- Required work
From the entries that follow, copy exactly the lines beginning at the line holding "apply (Csummable_le _" and continuing through the line holding "pose proof (Cabs_pos (u".

[Dataset entries]
(* The [L i] are only continuous relative to [[0, 1]]; precomposing with this
   retraction of [R] onto [[0, 1]] gives functions continuous on all of [R],
   as the MVT, IVT and integrability lemmas above require. *)
Definition clamp01 (x : R) : R := Rmax 0 (Rmin 1 x).

Lemma clamp01_in (x : R) : 0 <= clamp01 x <= 1.
Proof. unfold clamp01, Rmax, Rmin; repeat destruct Rle_dec; lra. Qed.

Lemma clamp01_id (x : R) : 0 <= x <= 1 -> clamp01 x = x.
Proof. unfold clamp01, Rmax, Rmin; repeat destruct Rle_dec; lra. Qed.

Lemma clamp01_lipschitz (x y : R) : Rabs (clamp01 y - clamp01 x) <= Rabs (y - x).
Proof. unfold clamp01, Rmax, Rmin; repeat destruct Rle_dec; split_Rabs; lra. Qed.

Lemma continuous_clamp01_comp (f : R -> R) (x : R) :
  cont_in01 f (clamp01 x) -> continuous (fun y => f (clamp01 y)) x.
Proof.
  intros Hf P HP. destruct (Hf P HP) as [eps He].
  exists eps. intros y Hy. apply He; [|apply clamp01_in].
  eapply Rle_lt_trans; [apply clamp01_lipschitz|exact Hy].
Qed.

Lemma is_RInt_clamp01_comp (f : R -> R) :
  (forall x, continuous (fun y => f (clamp01 y)) x) ->
  is_RInt (fun y => f (clamp01 y)) 0 1 (RInt f 0 1).
Proof.
  intros Hf.
  replace (RInt f 0 1) with (RInt (fun y => f (clamp01 y)) 0 1).
  - apply (RInt_correct (V := R_CompleteNormedModule)).
    apply (ex_RInt_continuous (V := R_CompleteNormedModule)); intros; apply Hf.
  - apply RInt_ext. intros x Hx. rewrite Rmin_left, Rmax_right in Hx by lra.
    rewrite clamp01_id by lra. reflexivity.
Qed.

Definition riccati_defect (d : nat) (lam : R) (L : nat -> R -> R) (r : R) : R :=
  sumR d (fun i => L i r ^ 2) - (sumR d (fun i => L i r)) ^ 2 - (INR d - 1) * lam.

Section RiccatiSystem.

Variables (d : nat) (lam : R) (L : nat -> R -> R).

Hypothesis hode : forall i, (i < d)%nat -> forall r, 0 < r < 1 ->
  is_derive (L i) r (- (sumR d (fun k => L k r)) * L i r - lam).

Lemma is_derive_sum_L (r : R) : 0 < r < 1 ->
  is_derive (fun y => sumR d (fun i => L i y)) r
    (- (sumR d (fun i => L i r)) ^ 2 - INR d * lam).
Proof.
  intros Hr. set (S := sumR d (fun i => L i r)).
  replace (- S ^ 2 - INR d * lam) with (sumR d (fun i => - S * L i r - lam)).
  - apply (is_derive_sumR d L (fun i y => - S * L i y - lam)).
    intros i Hi. apply hode; assumption.
  - rewrite (sumR_ext d _ (fun i => - S * L i r + - lam)) by (intros; ring).
    rewrite sumR_plus, sumR_scal, sumR_const. fold S. ring.
Qed.
(* [sym_form m D Q] and condition (C): (C0) is [Q_nonneg] and [Q_closed], (C1) is [D_Cc]
   and (C2) is [Q_Ltilde]. *)
Hypothesis D_l2 : forall u, D u -> l2 m u.
Hypothesis D_zero : D zero_fun.
Hypothesis D_plus : forall u v, D u -> D v -> D (fplus u v).
Hypothesis D_scal : forall a u, D u -> D (fscal a u).
Hypothesis Q_plus : forall u v w, D u -> D v -> D w -> Q (fplus u v) w = Cplus (Q u w) (Q v w).
Hypothesis Q_scal : forall a u v, D u -> D v -> Q (fscal a u) v = Cmult a (Q u v).
Hypothesis Q_herm : forall u v, D u -> D v -> Q v u = Cconj (Q u v).
Hypothesis Q_nonneg : forall u, D u -> 0 <= Re (Q u u).
Hypothesis Q_closed : forall phi, (forall n, D (phi n)) -> norm_Cauchy nQ phi ->
  exists u, D u /\ norm_cv nQ phi u.
Hypothesis D_Cc : forall v, Cc v -> D v.
Hypothesis Q_Ltilde : forall u v, D u -> Cc v ->
  HasSumC (fun x => Cmult (Cmult (u x) (Cconj (Ltilde m b c v x))) (RC (m x))) (Q u v).

Lemma D_minus u v : D u -> D v -> D (fminus u v).
Proof. intros. rewrite fminus_fplus_fscal. auto. Qed.

Lemma HasSumC_ip u v : l2 m u -> l2 m v ->
  HasSumC (fun x => Cmult (Cmult (u x) (Cconj (v x))) (RC (m x))) (ip m u v).
Proof.
  intros Hu Hv. apply Csummable_HasSumC.
  unfold l2 in Hu, Hv. rewrite Csummable_RC in Hu, Hv.
  apply (Csummable_le _ (fun x => energy_m u x + energy_m v x)); [|apply RSummable_plus; auto].
  intros x. rewrite !Cabs_mult, Cabs_conj, Cabs_RC. unfold energy_m.
  pose proof (m_pos x). rewrite Rabs_pos_eq by lra.
  pose proof (Cabs_pos (u x)); pose proof (Cabs_pos (v x)).
  pose proof (Rle_0_sqr (Cabs (u x) - Cabs (v x))). unfold Rsqr in *. nra.
Qed.

Lemma ip_plus u v w : l2 m u -> l2 m v -> l2 m w ->
  ip m (fplus u v) w = Cplus (ip m u w) (ip m v w).
Proof.
  intros Hu Hv Hw. unfold ip at 1. apply sumC_eq.
  eapply HasSumC_ext; [|apply (HasSumC_plus _ _ _ _ (HasSumC_ip u w Hu Hw) (HasSumC_ip v w Hv Hw))].
  intros x; unfold fplus, Cplus, Cmult, Cconj; Cring.
Qed.

Lemma ip_scal a u w : l2 m u -> l2 m w -> ip m (fscal a u) w = Cmult a (ip m u w).
Proof.
  intros Hu Hw. unfold ip at 1. apply sumC_eq.
  eapply HasSumC_ext; [|apply (HasSumC_scal a _ _ (HasSumC_ip u w Hu Hw))].
  intros x; unfold fscal, Cmult, Cconj; Cring.
Qed.

Lemma ip_herm u v : l2 m u -> l2 m v -> ip m v u = Cconj (ip m u v).
Proof.
  intros Hu Hv. unfold ip at 1. apply sumC_eq.
  eapply HasSumC_ext; [|apply (HasSumC_conj _ _ (HasSumC_ip u v Hu Hv))].
  intros x; unfold Cmult, Cconj, RC; Cring.
Qed.

Lemma energy_m_le_Re_ip u x : l2 m u -> energy_m u x <= Re (ip m u u).
Proof.
  intros Hu. unfold l2 in Hu. rewrite Csummable_RC in Hu.
  destruct (RSummable_HasSumR _ Hu) as [s Hs]. rewrite (Re_ip u s Hs).
  apply (HasSumR_term_le _ s x (energy_m_nonneg u) Hs).
Qed.

Lemma Re_ip_nonneg u : l2 m u -> 0 <= Re (ip m u u).
Proof.
  intros Hu. unfold l2 in Hu. rewrite Csummable_RC in Hu.
  destruct (RSummable_HasSumR _ Hu) as [s Hs]. rewrite (Re_ip u s Hs).
  apply (HasSumR_ge0 _ s (energy_m_nonneg u) Hs).
Qed.
Lemma rpow_nonneg x p : 0 <= rpow x p.
Proof.
  unfold rpow. destruct (Req_EM_T x 0); [destruct (Req_EM_T p 0); lra|].
  unfold Rpower; left; apply exp_pos.
Qed.

Lemma Rpower_1_l x : Rpower 1 x = 1.
Proof. unfold Rpower. rewrite ln_1, Rmult_0_r, exp_0. reflexivity. Qed.

Lemma Rpower_gt0 x p : 0 < Rpower x p.
Proof. apply exp_pos. Qed.

Lemma Rpower_le_nonpos_exp a b p : p <= 0 -> 0 < a <= b -> Rpower b p <= Rpower a p.
Proof.
  intros Hp Hab. replace p with (- (- p)) by ring. rewrite (Rpower_Ropp b), (Rpower_Ropp a).
  apply Rinv_le_contravar; [apply Rpower_gt0 | apply Rle_Rpower_l; lra].
Qed.

Definition ppow (t p : R) : R := if Rle_dec t 0 then 0 else Rpower t p.

Lemma ppow_pos t p : 0 < t -> ppow t p = Rpower t p.
Proof. intros H. unfold ppow. destruct (Rle_dec t 0); [lra | auto]. Qed.

Lemma ppow_nonneg t p : 0 <= ppow t p.
Proof. unfold ppow. destruct (Rle_dec t 0); [lra|]. left; apply Rpower_gt0. Qed.

Lemma ppow_0_l p : ppow 0 p = 0.
Proof. unfold ppow. destruct (Rle_dec 0 0); lra. Qed.

Lemma rpow_mult t e p : 0 <= t -> 0 <= e -> p <> 0 -> rpow (t * e) p = ppow t p * rpow e p.
Proof.
  intros Ht He Hp. destruct (Req_dec t 0) as [->|Ht0].
  - rewrite Rmult_0_l, rpow_0_l, ppow_0_l by auto. ring.
  - destruct (Req_dec e 0) as [->|He0].
    + rewrite Rmult_0_r, rpow_0_l by auto. ring.
    + rewrite rpow_pos, rpow_pos, ppow_pos by (try apply Rmult_lt_0_compat; lra).
      rewrite Rpower_mult_distr; auto; lra.
Qed.

Lemma Rpower_small_near_0 p : 0 < p -> forall eps, 0 < eps -> exists del, 0 < del /\
  forall t, 0 < t < del -> Rpower t p < eps.
Proof.
  intros Hp eps He. exists (Rpower eps (/ p)). split; [apply Rpower_gt0|].
  intros t [Ht1 Ht2]. replace eps with (Rpower (Rpower eps (/ p)) p).
  - apply Rlt_Rpower_l; auto.
  - rewrite Rpower_mult, Rinv_l by lra. apply Rpower_1; auto.
Qed.

Lemma derivable_pt_lim_ppow p x : 0 < x ->
  derivable_pt_lim (fun t => ppow t (p + 1)) x ((p + 1) * ppow x p).
Proof.
  intros Hx. rewrite ppow_pos by auto.
  apply (derivable_pt_lim_locally_ext (fun t => Rpower t (p + 1)) _ x 0 (x + 1)); [lra | |].
  - intros t Ht. rewrite ppow_pos by lra. reflexivity.
  - replace p with (p + 1 - 1) at 2 by ring. apply derivable_pt_lim_power; auto.
Qed.

Lemma continuity_pt_ppow p x : 0 < p -> continuity_pt (fun t => ppow t p) x.
Proof.
  intros Hp. destruct (Rtotal_order x 0) as [Hx|[Hx|Hx]].
  - intros eps He. exists (- x). split; [lra|]. intros y [_ Hy]. simpl in *. unfold R_dist in *.
    apply Rabs_def2 in Hy. unfold ppow.
    destruct (Rle_dec y 0); destruct (Rle_dec x 0); try lra. rewrite Rminus_0_r, Rabs_R0; lra.
  - subst. intros eps He. destruct (Rpower_small_near_0 p Hp eps He) as [del [Hd Hs]].
    exists del. split; auto. intros y [_ Hy]. simpl in *. unfold R_dist in *.
    rewrite ppow_0_l, Rminus_0_r. rewrite Rminus_0_r in Hy. unfold ppow. destruct (Rle_dec y 0).
    + rewrite Rabs_R0; lra.
    + rewrite Rabs_pos_eq by (left; apply Rpower_gt0). apply Hs. apply Rabs_def2 in Hy. lra.
  - apply derivable_continuous_pt. exists (p * ppow x (p - 1)).
    pose proof (derivable_pt_lim_ppow (p - 1) x Hx) as D.
    replace (p - 1 + 1) with p in D by ring. exact D.
Qed.

Lemma derivable_pt_lim_scal_l c f x l :
  derivable_pt_lim f x l -> derivable_pt_lim (fun t => c * f t) x (c * l).
Proof.
  intros H. replace (c * l) with (0 * f x + c * l) by ring.
  apply (derivable_pt_lim_mult (fun _ => c) f); auto. apply derivable_pt_lim_const.
Qed.

Lemma derivable_pt_lim_sumL {A} (l : list A) (g g' : A -> R -> R) x :
  (forall i, In i l -> derivable_pt_lim (g i) x (g' i x)) ->
  derivable_pt_lim (fun t => sumL l (fun i => g i t)) x (sumL l (fun i => g' i x)).
Proof.
  induction l as [|i l IH]; intros H; [apply derivable_pt_lim_const|].
  rewrite sumL_cons.
  apply (derivable_pt_lim_ext (fun t => g i t + sumL l (fun j => g j t))); [reflexivity|].
  apply derivable_pt_lim_plus; [apply H; simpl; auto|]. apply IH. intros; apply H; simpl; auto.
Qed.

Lemma derivable_pt_lim_sumN n (g g' : nat -> R -> R) x :
  (forall i, (i < n)%nat -> derivable_pt_lim (g i) x (g' i x)) ->
  derivable_pt_lim (fun t => sumN n (fun i => g i t)) x (sumN n (fun i => g' i x)).
Proof. intros H. apply derivable_pt_lim_sumL. intros i Hi. apply in_seq in Hi. apply H. lia. Qed.

Lemma derivable_pt_lim_pow_shift (n : nat) (a x : R) :
  derivable_pt_lim (fun t => (t - a) ^ n) x (INR n * (x - a) ^ pred n).
Proof.
  replace (INR n * (x - a) ^ pred n) with (INR n * (x - a) ^ pred n * (1 - 0)) by ring.
  apply (derivable_pt_lim_comp (fun t => t - a) (fun y => y ^ n)).
  - apply derivable_pt_lim_minus; [apply derivable_pt_lim_id | apply derivable_pt_lim_const].
  - apply derivable_pt_lim_pow.
Qed.

Lemma bound_of_deriv_bound_one_sided (u u' : R -> R) (b C : R) : 0 < b -> 0 <= C -> u 0 = 0 ->
  (forall t, 0 <= t <= 1 -> derivable_pt_lim u t (u' t)) ->
  (forall t, 0 <= t <= 1 -> u' t <= C * ppow t b) ->
  forall t, 0 <= t <= 1 -> u t <= C / (b + 1) * ppow t (b + 1).
Proof.
  intros Hb HC Hu0 Hd Hbd t Ht.
  destruct (Req_dec t 0) as [->|Ht0]; [rewrite Hu0, ppow_0_l; lra|].
  set (v := fun s => u s - C / (b + 1) * ppow s (b + 1)).
  destruct (MVT_gen v 0 t (fun s => u' s - C * ppow s b)) as [c [Hc Heq]].
  - intros x Hx. rewrite Rmin_left, Rmax_right in Hx by lra.
    apply is_derive_Reals. unfold v. apply derivable_pt_lim_minus; [apply Hd; lra|].
    replace (C * ppow x b) with (C / (b + 1) * ((b + 1) * ppow x b)) by (field; lra).
    apply derivable_pt_lim_scal_l. apply derivable_pt_lim_ppow; lra.
  - intros x Hx. rewrite Rmin_left, Rmax_right in Hx by lra. unfold v.
    apply continuity_pt_minus.
    + apply derivable_continuous_pt. exists (u' x). apply Hd; lra.
    + apply continuity_pt_mult; [apply continuity_pt_const; intros ? ?; reflexivity|].
      apply continuity_pt_ppow. lra.
  - rewrite Rmin_left, Rmax_right in Hc by lra.
    assert (u' c - C * ppow c b <= 0) by (pose proof (Hbd c ltac:(lra)); lra).
    unfold v in Heq. rewrite Hu0, ppow_0_l in Heq.
    assert ((u' c - C * ppow c b) * (t - 0) <= 0) by (apply Rmult_le_0_r; lra).
    lra.
Qed.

- Result for this exercise
  apply (Csummable_le _ (fun x => energy_m u x + energy_m v x)); [|apply RSummable_plus; auto].
  intros x. rewrite !Cabs_mult, Cabs_conj, Cabs_RC. unfold energy_m.
  pose proof (m_pos x). rewrite Rabs_pos_eq by lra.
  pose proof (Cabs_pos (u x)); pose proof (Cabs_pos (v x)).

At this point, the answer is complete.